:: PROBLEM TO SOLVE ::
Nothing in the data should be left out or altered when it is retyped.

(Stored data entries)
=======
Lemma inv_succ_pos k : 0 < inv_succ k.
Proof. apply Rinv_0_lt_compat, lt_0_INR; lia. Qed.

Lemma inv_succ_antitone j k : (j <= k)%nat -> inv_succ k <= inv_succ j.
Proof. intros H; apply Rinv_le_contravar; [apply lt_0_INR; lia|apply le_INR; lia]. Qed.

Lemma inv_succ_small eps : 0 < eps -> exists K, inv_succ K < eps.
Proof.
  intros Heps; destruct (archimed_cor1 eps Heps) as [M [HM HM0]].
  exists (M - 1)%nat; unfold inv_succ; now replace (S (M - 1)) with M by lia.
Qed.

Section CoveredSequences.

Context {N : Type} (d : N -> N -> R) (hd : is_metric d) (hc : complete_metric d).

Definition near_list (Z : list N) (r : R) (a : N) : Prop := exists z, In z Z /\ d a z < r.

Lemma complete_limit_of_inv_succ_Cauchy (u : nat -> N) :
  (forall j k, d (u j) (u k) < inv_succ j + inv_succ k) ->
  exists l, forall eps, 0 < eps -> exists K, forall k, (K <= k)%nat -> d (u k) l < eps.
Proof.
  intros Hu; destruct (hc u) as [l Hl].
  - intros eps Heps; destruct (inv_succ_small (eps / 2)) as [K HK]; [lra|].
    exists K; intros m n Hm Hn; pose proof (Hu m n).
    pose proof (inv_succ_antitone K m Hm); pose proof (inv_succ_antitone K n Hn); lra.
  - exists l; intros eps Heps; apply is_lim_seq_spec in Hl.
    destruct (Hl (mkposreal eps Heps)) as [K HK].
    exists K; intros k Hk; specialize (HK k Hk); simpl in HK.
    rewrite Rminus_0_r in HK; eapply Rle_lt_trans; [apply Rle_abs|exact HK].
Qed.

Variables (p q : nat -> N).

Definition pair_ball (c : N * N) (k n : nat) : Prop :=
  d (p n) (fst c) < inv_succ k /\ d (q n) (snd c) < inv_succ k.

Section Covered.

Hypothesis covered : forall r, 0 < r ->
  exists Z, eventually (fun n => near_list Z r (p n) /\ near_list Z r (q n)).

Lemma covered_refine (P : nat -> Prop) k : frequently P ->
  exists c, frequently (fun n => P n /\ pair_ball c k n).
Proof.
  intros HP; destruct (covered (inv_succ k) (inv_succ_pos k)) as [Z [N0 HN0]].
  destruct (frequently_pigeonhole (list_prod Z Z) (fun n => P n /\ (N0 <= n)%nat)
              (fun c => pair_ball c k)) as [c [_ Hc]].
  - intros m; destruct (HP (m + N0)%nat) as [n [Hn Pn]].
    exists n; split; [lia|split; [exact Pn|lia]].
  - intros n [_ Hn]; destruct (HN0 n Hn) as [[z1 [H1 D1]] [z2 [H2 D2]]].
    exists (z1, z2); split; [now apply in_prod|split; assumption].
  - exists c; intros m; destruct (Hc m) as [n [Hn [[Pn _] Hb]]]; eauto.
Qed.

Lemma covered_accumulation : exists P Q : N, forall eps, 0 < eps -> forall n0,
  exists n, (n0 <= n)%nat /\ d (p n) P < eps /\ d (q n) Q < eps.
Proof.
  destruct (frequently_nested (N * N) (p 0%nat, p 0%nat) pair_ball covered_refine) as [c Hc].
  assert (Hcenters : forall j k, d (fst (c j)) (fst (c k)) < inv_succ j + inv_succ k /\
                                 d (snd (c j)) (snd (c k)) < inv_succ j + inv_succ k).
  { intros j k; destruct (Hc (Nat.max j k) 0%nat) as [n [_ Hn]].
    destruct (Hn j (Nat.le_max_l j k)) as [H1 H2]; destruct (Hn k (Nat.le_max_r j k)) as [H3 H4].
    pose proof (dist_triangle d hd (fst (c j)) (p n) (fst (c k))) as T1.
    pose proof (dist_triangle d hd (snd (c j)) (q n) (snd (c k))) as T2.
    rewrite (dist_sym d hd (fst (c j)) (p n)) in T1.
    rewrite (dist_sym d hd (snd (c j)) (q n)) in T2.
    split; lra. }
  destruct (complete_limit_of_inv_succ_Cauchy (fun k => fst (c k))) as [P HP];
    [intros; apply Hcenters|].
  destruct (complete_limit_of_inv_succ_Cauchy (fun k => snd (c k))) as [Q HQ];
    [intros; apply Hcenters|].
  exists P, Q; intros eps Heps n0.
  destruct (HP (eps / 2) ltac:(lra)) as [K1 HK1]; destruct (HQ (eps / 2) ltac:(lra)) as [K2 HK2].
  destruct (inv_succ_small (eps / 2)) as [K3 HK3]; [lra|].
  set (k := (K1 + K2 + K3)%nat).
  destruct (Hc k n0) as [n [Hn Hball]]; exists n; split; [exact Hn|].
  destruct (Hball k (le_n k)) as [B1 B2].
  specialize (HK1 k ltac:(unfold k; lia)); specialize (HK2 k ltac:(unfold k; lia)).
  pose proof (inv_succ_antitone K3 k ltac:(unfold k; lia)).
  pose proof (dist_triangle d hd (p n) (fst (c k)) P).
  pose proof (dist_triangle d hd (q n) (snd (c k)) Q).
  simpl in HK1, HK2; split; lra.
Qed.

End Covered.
=======
:: SOLVED EXERCISE ::
Lemma inv_succ_pos k : 0 < inv_succ k.
Proof. apply Rinv_0_lt_compat, lt_0_INR; lia. Qed.

Lemma inv_succ_antitone j k : (j <= k)%nat -> inv_succ k <= inv_succ j.
Proof. intros H; apply Rinv_le_contravar; [apply lt_0_INR; lia|apply le_INR; lia]. Qed.

Lemma inv_succ_small eps : 0 < eps -> exists K, inv_succ K < eps.
Proof.
  intros Heps; destruct (archimed_cor1 eps Heps) as [M [HM HM0]].
  exists (M - 1)%nat; unfold inv_succ; now replace (S (M - 1)) with M by lia.
Qed.

Section CoveredSequences.

Context {N : Type} (d : N -> N -> R) (hd : is_metric d) (hc : complete_metric d).

Definition near_list (Z : list N) (r : R) (a : N) : Prop := exists z, In z Z /\ d a z < r.

Lemma complete_limit_of_inv_succ_Cauchy (u : nat -> N) :
  (forall j k, d (u j) (u k) < inv_succ j + inv_succ k) ->
  exists l, forall eps, 0 < eps -> exists K, forall k, (K <= k)%nat -> d (u k) l < eps.
Proof.
  intros Hu; destruct (hc u) as [l Hl].
  - intros eps Heps; destruct (inv_succ_small (eps / 2)) as [K HK]; [lra|].
    exists K; intros m n Hm Hn; pose proof (Hu m n).
    pose proof (inv_succ_antitone K m Hm); pose proof (inv_succ_antitone K n Hn); lra.
  - exists l; intros eps Heps; apply is_lim_seq_spec in Hl.
    destruct (Hl (mkposreal eps Heps)) as [K HK].
    exists K; intros k Hk; specialize (HK k Hk); simpl in HK.
    rewrite Rminus_0_r in HK; eapply Rle_lt_trans; [apply Rle_abs|exact HK].
Qed.

Variables (p q : nat -> N).

Definition pair_ball (c : N * N) (k n : nat) : Prop :=
  d (p n) (fst c) < inv_succ k /\ d (q n) (snd c) < inv_succ k.

Section Covered.

Hypothesis covered : forall r, 0 < r ->
  exists Z, eventually (fun n => near_list Z r (p n) /\ near_list Z r (q n)).

Lemma covered_refine (P : nat -> Prop) k : frequently P ->
  exists c, frequently (fun n => P n /\ pair_ball c k n).
Proof.
  intros HP; destruct (covered (inv_succ k) (inv_succ_pos k)) as [Z [N0 HN0]].
  destruct (frequently_pigeonhole (list_prod Z Z) (fun n => P n /\ (N0 <= n)%nat)
              (fun c => pair_ball c k)) as [c [_ Hc]].
  - intros m; destruct (HP (m + N0)%nat) as [n [Hn Pn]].
    exists n; split; [lia|split; [exact Pn|lia]].
  - intros n [_ Hn]; destruct (HN0 n Hn) as [[z1 [H1 D1]] [z2 [H2 D2]]].
    exists (z1, z2); split; [now apply in_prod|split; assumption].
  - exists c; intros m; destruct (Hc m) as [n [Hn [[Pn _] Hb]]]; eauto.
Qed.

Lemma covered_accumulation : exists P Q : N, forall eps, 0 < eps -> forall n0,
  exists n, (n0 <= n)%nat /\ d (p n) P < eps /\ d (q n) Q < eps.
Proof.
  destruct (frequently_nested (N * N) (p 0%nat, p 0%nat) pair_ball covered_refine) as [c Hc].
  assert (Hcenters : forall j k, d (fst (c j)) (fst (c k)) < inv_succ j + inv_succ k /\
                                 d (snd (c j)) (snd (c k)) < inv_succ j + inv_succ k).
  { intros j k; destruct (Hc (Nat.max j k) 0%nat) as [n [_ Hn]].
    destruct (Hn j (Nat.le_max_l j k)) as [H1 H2]; destruct (Hn k (Nat.le_max_r j k)) as [H3 H4].
    pose proof (dist_triangle d hd (fst (c j)) (p n) (fst (c k))) as T1.
    pose proof (dist_triangle d hd (snd (c j)) (q n) (snd (c k))) as T2.
    rewrite (dist_sym d hd (fst (c j)) (p n)) in T1.
    rewrite (dist_sym d hd (snd (c j)) (q n)) in T2.
    split; lra. }
  destruct (complete_limit_of_inv_succ_Cauchy (fun k => fst (c k))) as [P HP];
    [intros; apply Hcenters|].
  destruct (complete_limit_of_inv_succ_Cauchy (fun k => snd (c k))) as [Q HQ];
    [intros; apply Hcenters|].
  exists P, Q; intros eps Heps n0.
  destruct (HP (eps / 2) ltac:(lra)) as [K1 HK1]; destruct (HQ (eps / 2) ltac:(lra)) as [K2 HK2].
  destruct (inv_succ_small (eps / 2)) as [K3 HK3]; [lra|].
  set (k := (K1 + K2 + K3)%nat).
  destruct (Hc k n0) as [n [Hn Hball]]; exists n; split; [exact Hn|].
  destruct (Hball k (le_n k)) as [B1 B2].
  specialize (HK1 k ltac:(unfold k; lia)); specialize (HK2 k ltac:(unfold k; lia)).
  pose proof (inv_succ_antitone K3 k ltac:(unfold k; lia)).
  pose proof (dist_triangle d hd (p n) (fst (c k)) P).
  pose proof (dist_triangle d hd (q n) (snd (c k)) Q).
  simpl in HK1, HK2; split; lra.
Qed.

End Covered.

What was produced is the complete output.